Implementation Strategy

Your specification from Lesson 1 established the requirements. Now you implement in this order:

Implementation Order (Dependencies Flow Downward)
┌─────────────────────────────────────────────────────────────────┐
│ │
│ 1. Voice Agent Core │
│ ├── Economy stack providers (STT, LLM, TTS) │
│ ├── MCP server connection (Task Manager API) │
│ └── Base conversation handling │
│ │ │
│ ▼ │
│ 2. Browser Channel (LiveKit WebRTC) │
│ ├── WebRTC room connection │
│ ├── Audio capture with Silero VAD │
│ └── UI integration (mute, speaking indicator) │
│ │ │
│ ▼ │
│ 3. Phone Channel (Twilio SIP) │
│ ├── SIP trunk routing │
│ ├── Inbound call handling │
│ └── Phone-specific greeting │
│ │ │
│ ▼ │
│ 4. Screen Sharing (Gemini Live) │
│ ├── Screen capture consent flow │
│ ├── Visual context extraction │
│ └── Voice + vision multimodal integration │
│ │ │
│ ▼ │
│ 5. Conversation Polish │
│ ├── Semantic turn detection tuning │
│ ├── Barge-in and interruption handling │
│ └── Filler speech for async operations │
│ │
└─────────────────────────────────────────────────────────────────┘

Test each layer before moving to the next. A working browser channel validates your core before adding phone complexity.


Voice Agent Core

Your livekit-agents skill knows the patterns.

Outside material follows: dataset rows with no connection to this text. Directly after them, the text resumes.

(* Let $G$ be a finitely generated group such that $F'$ consists of weak* identities in $G$ modulo $F''$. Then for every $n\ge1$, $F'$ consists of weak* identities in $G$ modulo $F^{(n)}$, the $n$-th term of the derived series of $F$.
   Context: Let $F$ be the free group on countably many generators $g_1,g_2,\dots$; its derived series is $F^{(1)}=F'=[F,F]$, $F^{(k+1)}=[F^{(k)},F^{(k)}]$, and $F''=F^{(2)}$. For $N\ge 1$, $F^{\times N}$ is the direct product of $N$ copies of $F$, $i_k:F\to F^{\times N}$ the $k$-th inclusion. A subset $S\subset F$ is a set of weak identities in a group $G$ if there exists $N\ge1$ such that for any $s_1,\dots,s_N\in S$ and any homomorphism $\rho:F^{\times N}\to G$ some $k$ has $\rho(i_k(s_k))=1$. A $T$-subgroup of $F$ is a subgroup preserved by all endomorphisms of $F$. For a $T$-subgroup $\mathcal{H}$, $\mathcal{H}(G)=\{\pi(h):h\in\mathcal{H},\ \pi:F\to G\text{ a homomorphism}\}$. $S$ consists of weak identities modulo $\mathcal{H}$ in $G$ if $S$ is a set of weak identities in $G/\mathcal{H}(G)$. A $T$-subgroup $\mathcal{S}$ consists of weak* identities in $G$ modulo a $T$-subgroup $\mathcal{H}$ if there exist $m\ge0$ and $T$-subgroups $\mathcal{S}_0=\mathcal{S},\dots,\mathcal{S}_m=\mathcal{H}$ such that $\mathcal{S}_{j-1}$ consists of weak identities modulo $\mathcal{S}_j$ in $G$ for all $j=1,\dots,m$. *)

From Stdlib Require Import Relations.
From mathcomp Require Import all_boot.
Set Implicit Arguments. Unset Strict Implicit. Unset Printing Implicit Defensive.

Record group := Group {
  gcar :> Type;
  gmul : gcar -> gcar -> gcar;
  ginv : gcar -> gcar;
  gone : gcar;
  gmulA : forall x y z, gmul x (gmul y z) = gmul (gmul x y) z;
  gmul1g : forall x, gmul gone x = x;
  gmulVg : forall x, gmul (ginv x) x = gone
}.

Definition gcomm (G : group) (x y : G) : G :=
  gmul (ginv x) (gmul (ginv y) (gmul x y)).

(** * The free group F on generators g_0, g_1, ... as words modulo free reduction *)
(* letter (i, false) = g_i, letter (i, true) = g_i^-1 *)
Definition letter := (nat * bool)%type.
Definition word := seq letter.

Definition linv (l : letter) : letter := (l.1, ~~ l.2).
Definition winv (w : word) : word := rev (map linv w).
Definition wcomm (a b : word) : word := winv a ++ winv b ++ a ++ b.

(* one-step free reduction and its equivalence closure: equality in F *)
Definition fred (u v : word) : Prop :=
  exists (x y : word) (l : letter), u = x ++ [:: l; linv l] ++ y /\ v = x ++ y.
Definition freeq : word -> word -> Prop := clos_refl_sym_trans word fred.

Use it to scaffold the economy stack:

from livekit.agents import VoicePipelineAgent, AgentContext, function_tool
from livekit.agents.mcp import MCPServerStdio
from livekit.plugins import deepgram, openai, cartesia, silero

# Economy stack: $0.033/min combined
# Deepgram Nova-3: $0.0077/min (90ms latency)
# GPT-4o-mini: $0.0015/min (~300ms latency)
# Cartesia Sonic-3: $0.024/min (60ms latency)

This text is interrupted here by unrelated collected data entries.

Lemma kset_separating (a b : T) :
  a != b -> 1 <= k <= #|T| - 1 -> exists2 A : kset T k, a \in val A & b \notin val A.
Proof.
move=> ab /andP[k1 kT].
have : k.-1 <= #|~: [set a; b]| by have := cardsC [set a; b]; rewrite cards2 ab; lia.
case/card_geqP => s [s_uniq s_size s_ab].
have a_s : a \notin s by apply/negP => /s_ab; rewrite !inE eqxx.
have cardA : #|a |: [set v in s]| == k.
  by rewrite cardsU1 inE a_s cardsE (card_uniqP s_uniq) s_size; apply/eqP; lia.
exists (exist _ (a |: [set v in s]) cardA : kset T k); rewrite /= !inE ?eqxx //.
by rewrite negb_or eq_sym ab; apply/negP => /s_ab; rewrite !inE eqxx orbT.
Qed.

End Moves.

Definition move_edge (T : finType) (k : nat) (A : kset T k) (x y : T) : {set kset T k} :=
  [set A; kmove A x y].

Section MoveEdges.

Variables (T : finType) (g : rel T) (k : nat) (a b : T).
Hypotheses (g_irr : irreflexive g) (gab : g a b).

Local Notation Fk := (Fk_rel g k).
Local Notation label P Q := (symdiff (val P) (val Q)).
Local Notation g_ab := [rel u v | g u v && (u \notin [set a; b]) && (v \notin [set a; b])].

Lemma Fk_kmove (A : kset T k) x y :
  g x y -> x \in val A -> y \notin val A -> Fk A (kmove A x y).
Proof. by move=> gxy xA yA; rewrite /Fk_rel symdiff_kmove // mem_edges. Qed.

Lemma move_edge_label_class (A : kset T k) :
  a \in val A -> b \notin val A -> move_edge A a b \in label_class g k [set a; b].
Proof. by move=> aA bA; rewrite label_class_pair ?Fk_kmove ?symdiff_kmove. Qed.

Lemma label_class_move_edge e : e \in label_class g k [set a; b] ->
  exists A : kset T k, [/\ a \in val A, b \notin val A & e = move_edge A a b].
Proof.
rewrite inE => /existsP[P /existsP[Q /andP[/andP[/eqP -> _] /eqP PQab]]].
case/boolP: (a \in val P) => aP.
  by have [bP ->] := kmove_symdiff PQab aP; exists P.
have aQ : a \in val Q by move/setP/(_ a): PQab; rewrite in_symdiff (negbTE aP) set21.
rewrite symdiffC in PQab; have [bQ ->] := kmove_symdiff PQab aQ.
by exists Q; rewrite /move_edge setUC.
Qed.

Lemma kmove_induced_square (A : kset T k) x y :
  a \in val A -> b \notin val A -> x \in val A -> y \notin val A -> g x y ->
  x \notin [set a; b] -> y \notin [set a; b] ->
  induced_square Fk A (kmove A x y) (kmove (kmove A x y) a b) (kmove A a b).
Proof.
move=> aA bA xA yA gxy xab yab.
set A1 := kmove A a b; set A2 := kmove A x y; set A3 := kmove A2 a b.
have [xa xb] : x != a /\ x != b by apply/norP; rewrite -in_set2.
have [ya yb] : y != a /\ y != b by apply/norP; rewrite -in_set2.
have aA2 : a \in val A2 by rewrite in_kmove // aA (eq_sym a x) xa orbT.
have bA2 : b \notin val A2 by rewrite in_kmove // (negbTE bA) andbF orbF (eq_sym b y).
have l01 : label A A1 = [set a; b] := symdiff_kmove aA bA.
have l02 : label A A2 = [set x; y] := symdiff_kmove xA yA.
have l23 : label A2 A3 = [set a; b] := symdiff_kmove aA2 bA2.
have l21 : label A2 A1 = symdiff [set a; b] [set x; y].
  by rewrite -(symdiff_trans _ (val A)) (symdiffC (val A2)) l01 l02 symdiffC.
have l03 : label A A3 = symdiff [set a; b] [set x; y].
  by rewrite -(symdiff_trans _ (val A2)) l02 l23 symdiffC.
have l31 : label A3 A1 = [set x; y].
  by rewrite -(symdiff_trans _ (val A2)) (symdiffC (val A3)) l23 l21 symdiffK.
have a_diag : a \in symdiff [set a; b] [set x; y].
  by rewrite in_symdiff !inE eqxx ![a == _]eq_sym (negbTE xa) (negbTE ya).
have diag_nonedge : symdiff [set a; b] [set x; y] \notin edges g.
  apply: (notin_edges3 g_irr a_diag (y := b) (z := x) _ _ (edge_neq g_irr gab));
    rewrite ?in_symdiff ?inE ?eqxx //=.
  - by rewrite orbT ![b == _]eq_sym (negbTE xb) (negbTE yb).
  - by rewrite (negbTE xa) (negbTE xb).
  - by rewrite eq_sym.
have diag_neq (P Q : kset T k) : label P Q = symdiff [set a; b] [set x; y] -> P != Q.
  by move=> PQ; apply: contraTneq a_diag => PeQ; rewrite -PQ PeQ symdiffss inE.
rewrite /induced_square /Fk_rel l02 l23 l31 (symdiffC (val A1)) l01 l03 l21.
by rewrite !mem_edges // diag_nonedge (diag_neq _ _ l03) (diag_neq _ _ l21).
Qed.

Lemma move_edge_step (A : kset T k) x y :
  a \in val A -> b \notin val A -> x \in val A -> y \notin val A -> g x y ->
  x \notin [set a; b] -> y \notin [set a; b] ->
  ladder_equiv Fk (move_edge A a b) (move_edge (kmove A x y) a b).
Proof.
move=> aA bA xA yA gxy xab yab; apply: rst_step.
exact (square_ladder_connected (@Fk_sym _ g k) (Fk_irr g_irr)
  (kmove_induced_square aA bA xA yA gxy xab yab)).
Qed.

(* Move the token at x to the end y of a walk in G - {a, b}.  When the next
   vertex z of the walk is occupied, the token at z is sent on to y first and
   the token at x then takes its place. *)
Lemma move_edge_walk p x (A : kset T k) :
  a \in val A -> b \notin val A -> x \in val A -> path g_ab x p ->
  last x p \notin val A -> last x p \notin [set a; b] ->
  ladder_equiv Fk (move_edge A a b) (move_edge (kmove A x (last x p)) a b).
Proof.
elim: p x A => [|z p IHp] x A aA bA xA; first by rewrite /= xA.
rewrite /= => /andP[/andP[/andP[gxz xab] zab] zp]; set y := last z p => yA yab.
have [za zb] : z != a /\ z != b by apply/norP; rewrite -in_set2.
have [xa xb] : x != a /\ x != b by apply/norP; rewrite -in_set2.
have xz := edge_neq g_irr gxz.
case/boolP: (z \in val A) => zA.
  have zy : z != y by apply: contraNneq yA => <-.
  rewrite -(kmove_shift xA zA yA xz).
  apply: rst_trans (IHp z A aA bA zA zp yA yab) (move_edge_step _ _ _ _ gxz xab zab).
  - by rewrite in_kmove // aA (eq_sym a z) za orbT.
  - by rewrite in_kmove // (negbTE bA) andbF orbF; apply: contraNneq yab => ->; rewrite set22.
  - by rewrite in_kmove // xz xA orbT.
  - by rewrite in_kmove // (negbTE zy) eqxx.
apply: rst_trans (move_edge_step aA bA xA zA gxz xab zab) _.
case: (eqVneq y z) => [->|yz]; first exact: rst_refl.
rewrite -(kmove_trans xA zA yA yz); apply: IHp zp _ yab.
- by rewrite in_kmove // aA (eq_sym a x) xa orbT.
- by rewrite in_kmove // (negbTE bA) andbF orbF (eq_sym b z) zb.
- by rewrite in_kmove // eqxx.
- by rewrite in_kmove // (negbTE yz) (negbTE yA) andbF.
Qed.

Hypothesis g_ab_connected : connected_minus2 g a b.

Lemma move_edge_connected (A A' : kset T k) :
  a \in val A -> b \notin val A -> a \in val A' -> b \notin val A' ->
  ladder_equiv Fk (move_edge A a b) (move_edge A' a b).
Proof.
move Dn : #|val A :\: val A'| => n; elim: n A Dn => [|n IHn] A Dn aA bA aA' bA'.
  suff -> : A = A' by exact: rst_refl.
  apply/val_inj/eqP; rewrite eqEcard !card_kset leqnn andbT.
  by rewrite -setD_eq0 -cards_eq0 Dn.
have [x] : exists x, x \in val A :\: val A' by apply/card_gt0P; rewrite Dn.
rewrite inE => /andP[xA' xA].
have [y] : exists y, y \in val A' :\: val A.
  by apply/card_gt0P; rewrite -card_setD_sym ?Dn // !card_kset.
rewrite inE => /andP[yA yA'].
have xab : x \notin [set a; b].
  rewrite in_set2; apply/norP; split; first by apply: contraNneq xA' => ->.
  by apply: contraNneq bA => <-.
have yab : y \notin [set a; b].
  rewrite in_set2; apply/norP; split; first by apply: contraNneq yA => ->.
  by apply: contraNneq bA' => <-.
have /connectP[p p_path p_last] := g_ab_connected xab yab.
have := move_edge_walk aA bA xA p_path; rewrite -p_last => /(_ yA yab) AB.
apply: rst_trans AB (IHn _ _ _ _ aA' bA'); first rewrite val_kmove //.
- have -> : (y |: (val A :\ x)) :\: val A' = (val A :\: val A') :\ x.
    apply/setP => v; rewrite !inE; case: (eqVneq v y) => [->|_] /=.
      by rewrite yA' (negbTE yA) !andbF.
    by rewrite andbCA.
  by apply/eqP; rewrite -eqSS -Dn (cardsD1 x (val A :\: val A')) in_setD xA xA'.
- by rewrite in_kmove // aA andbT; apply/orP; right; apply: contraNneq xA' => <-.
- by rewrite in_kmove // (negbTE bA) andbF orbF; apply: contraNneq bA' => ->.
Qed.

End MoveEdges.

Theorem lemma24 (T : finType) (g : rel T) (k : nat) (a b : T) :
  simple_graph g ->
  C4_diamond_free g ->
  1 <= k <= #|T| - 1 ->
  g a b ->
  connected_minus2 g a b ->
  ladder_class (Fk_rel g k)
    [set e : {set kset T k} |
       [exists A, exists B, (e == [set A; B]) && Fk_rel g k A B &&
                            (symdiff (val A) (val B) == [set a; b])]].
Proof.
move=> [g_sym g_irr] g_free k_range gab g_ab_connected.
change (ladder_class (Fk_rel g k) (label_class g k [set a; b])).
have [A0 aA0 bA0] := kset_separating (edge_neq g_irr gab) k_range.
exists (move_edge A0 a b); split; first exact/mem_edges/Fk_kmove.
move=> e; split => [/label_class_move_edge[A [aA bA ->]] | [_ e0e]].
  split; first exact/mem_edges/Fk_kmove.
  exact: move_edge_connected.
rewrite -(ladder_equiv_label_class g_sym g_irr g_free _ e0e).
exact: move_edge_label_class.
Qed.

async def create_task_manager_agent(ctx: AgentContext):
"""Voice agent for Task Manager with economy stack."""

# Configure semantic turn detection for conversational flow
turn_detector = openai.TurnDetector(
min_endpointing_delay=0.4, # Wait at least 400ms
max_endpointing_delay=2.5, # Never more than 2.5s
unlikely_threshold=0.15, # Patient for thinking pauses
)

# Create voice pipeline with economy stack
agent = VoicePipelineAgent(
vad=silero.VAD.load(),
stt=deepgram.STT(model="nova-3"), # Economy: fast, accurate
llm=openai.LLM(model="gpt-4o-mini"), # Economy: capable, cheap
tts=cartesia.TTS(model="sonic-3"), # Economy: natural voice
turn_detector=turn_detector,
allow_interruptions=True,
interrupt_speech_duration=0.5,
interrupt_min_words=2,
)

# System prompt establishes Task Manager persona
agent.system_prompt = """You are a voice assistant for Task Manager.

Your role:
- Help users manage tasks through natural voice conversation
- Create, list, complete, and delete tasks via voice commands
- Keep responses concise (2-3 sentences max for voice)
- Confirm actions briefly: "Done, I've created that task"

Style:
- Professional but conversational
- Proactive: "Would you like to add a due date?"
- Acknowledge corrections: "Got it, let me fix that"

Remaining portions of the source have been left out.